Brain-storming in a world without stories
The Antipodes National Theatre ★★★★★
What would a world that had run out of stories be like? How would it be if the seemingly infinite flow of tales that gush from the font of ancient myth and legend, and that feed our discourse with stories true or imagined, were to run dry?
In Annie Baker’s latest play it is a problem encountered by a group of thinkers and creatives employed to conjure up a story for a corporation. With their genial, guru-like employer at the head of the table, the meeting is a brain-storming session for the participants to relate personal experience in the hope that out of their confessions an idea is born to be converted into another great moneymaking venture for the company.

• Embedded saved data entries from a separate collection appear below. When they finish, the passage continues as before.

(* Let $\mathcal F_{\mathbb I}$ be the set of structure functions of the weakly flattened unit interval $\mathbb I$. Then $$\mathcal F_{\mathbb I}=\Big\{f\in\mathcal F_I \;:\; \lim_{t\to0^+}\tfrac{d^n}{dt^n}f(t)=0 \text{ and } \lim_{t\to1^-}\tfrac{d^n}{dt^n}f(t)=0 \text{ for all } n\ge1\Big\}.$$ That is, the generating set of $\mathbb I$ is already the full set of its structure functions, and every structure function on $\mathbb I$ has all derivatives of order $\ge1$ tending to $0$ at both endpoints.
   Context: A Frölicher space is a triple $(X,\mathcal C_X,\mathcal F_X)$ with $\mathcal C_X\subseteq X^{\mathbb R}$ and $\mathcal F_X\subseteq\mathbb R^X$ such that $\mathcal F_X=\{f:X\to\mathbb R\mid f\circ c\in C^\infty(\mathbb R,\mathbb R)\ \forall c\in\mathcal C_X\}$ and $\mathcal C_X=\{c:\mathbb R\to X\mid f\circ c\in C^\infty(\mathbb R,\mathbb R)\ \forall f\in\mathcal F_X\}$. Elements of $\mathcal C_X$ are called structure curves and elements of $\mathcal F_X$ structure functions. The structure generated by a set $F_0\subseteq\mathbb R^X$ has $\mathcal C_X=\{c\mid f\circ c\in C^\infty\ \forall f\in F_0\}$ and $\mathcal F_X=\{f\mid f\circ c\in C^\infty\ \forall c\in\mathcal C_X\}$. The space $I$ is $[0,1]$ with the subspace structure from $\mathbb R$: its structure curves are the maps $\mathbb R\to[0,1]$ that are $C^\infty$ as real-valued functions, and $\mathcal F_I$ is the corresponding set of structure functions. The weakly flattened unit interval $\mathbb I$ is the set $[0,1]$ with the structure generated by $F=\{f\in\mathcal F_I\mid \lim_{t\to0^+}f^{(n)}(t)=0=\lim_{t\to1^-}f^{(n)}(t)\ \forall n\ge1\}$. *)

From Stdlib Require Import Reals.
Open Scope R_scope.

Definition smooth (g : R -> R) : Prop :=
  exists d : nat -> R -> R,
    (forall x, d 0%nat x = g x) /\
    (forall n x, derivable_pt_lim (d n) x (d (S n) x)).

Definition I01 : Type := { x : R | 0 <= x <= 1 }.

(** Structure curves of I (subspace structure from R). *)
Definition curve_I (c : R -> I01) : Prop :=
  smooth (fun t => proj1_sig (c t)).

Definition F_I (f : I01 -> R) : Prop :=
  forall c : R -> I01, curve_I c -> smooth (fun t => f (c t)).

Definition ext (f : I01 -> R) (x : R) : R :=
  match Rle_dec 0 x, Rle_dec x 1 with
  | left h0, left h1 => f (exist _ x (conj h0 h1))
  | right _, _ => f (exist _ 0 (conj (Rle_refl 0) Rle_0_1))
  | left _, right _ => f (exist _ 1 (conj Rle_0_1 (Rle_refl 1)))
  end.

Definition open01 (t : R) : Prop := 0 < t < 1.

(** f's derivatives of every order n >= 1 on the open interval (0,1)
    tend to 0 as t -> 0+ and t -> 1-.  The family d is the family of
    derivatives of f on (0,1) (unique there). *)
Definition flat_ends (f : I01 -> R) : Prop :=
  exists d : nat -> R -> R,
    (forall t, open01 t -> d 0%nat t = ext f t) /\
    (forall n t, open01 t -> derivable_pt_lim (d n) t (d (S n) t)) /\
    (forall n, (1 <= n)%nat ->
       limit1_in (d n) open01 0 0 /\ limit1_in (d n) open01 0 1).

Definition F_gen (f : I01 -> R) : Prop := F_I f /\ flat_ends f.

Definition curve_II (c : R -> I01) : Prop :=
  forall g, F_gen g -> smooth (fun t => g (c t)).

Definition F_II (f : I01 -> R) : Prop :=
  forall c, curve_II c -> smooth (fun t => f (c t)).

(** The inclusion F ⊆ F_II is
    immediate, so the content is F_II ⊆ F.  Since F ⊆ F_I, every curve of I
    is a curve of II, whence F_II ⊆ F_I.  For flatness the key observation is
    that the clamping map cl : R -> [0,1] is a curve of II: for g ∈ F, the
    function ext g = g ∘ cl is smooth on R, its derivatives being the
    derivatives of g on (0,1) extended by 0.  At the endpoints this uses
    (i) continuity of ext g there, obtained from the curve (1 - cos t)/2 of I,
    and (ii) the fact that a function continuous at a point whose derivative
    tends to 0 there is differentiable with derivative 0 (mean value theorem).
    Consequently f ∈ F_II makes f ∘ cl = ext f smooth; its derivatives vanish
    off [0,1] where ext f is constant, so by continuity they tend to 0 at
    both endpoints, i.e. f is flat at the ends. *)

From Stdlib Require Import Reals Lra ProofIrrelevance.
Open Scope R_scope.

It is never clear exactly what it is that company makes. But the culture depicted is completely convincing. A mini-mountain of mineral water bottles occupies one corner of the meeting room. At the head of the massive oval table around which everyone sits is Conleth Hill’s whitehaired Sandy, the leader of the group, who describes himself as the nicest possible boss. Yet there is something scary behind his cheery, avuncular persona.
In one sense, Baker’s play, which the Pulitzer-winning American dramatist co-directs with Chloe Lamford, is a study of manufactured creativity. This, we can infer, is the process by which the sincerity of large companies is faked. But no less fascinating is the way in which Baker continues to expand what a stage play can be.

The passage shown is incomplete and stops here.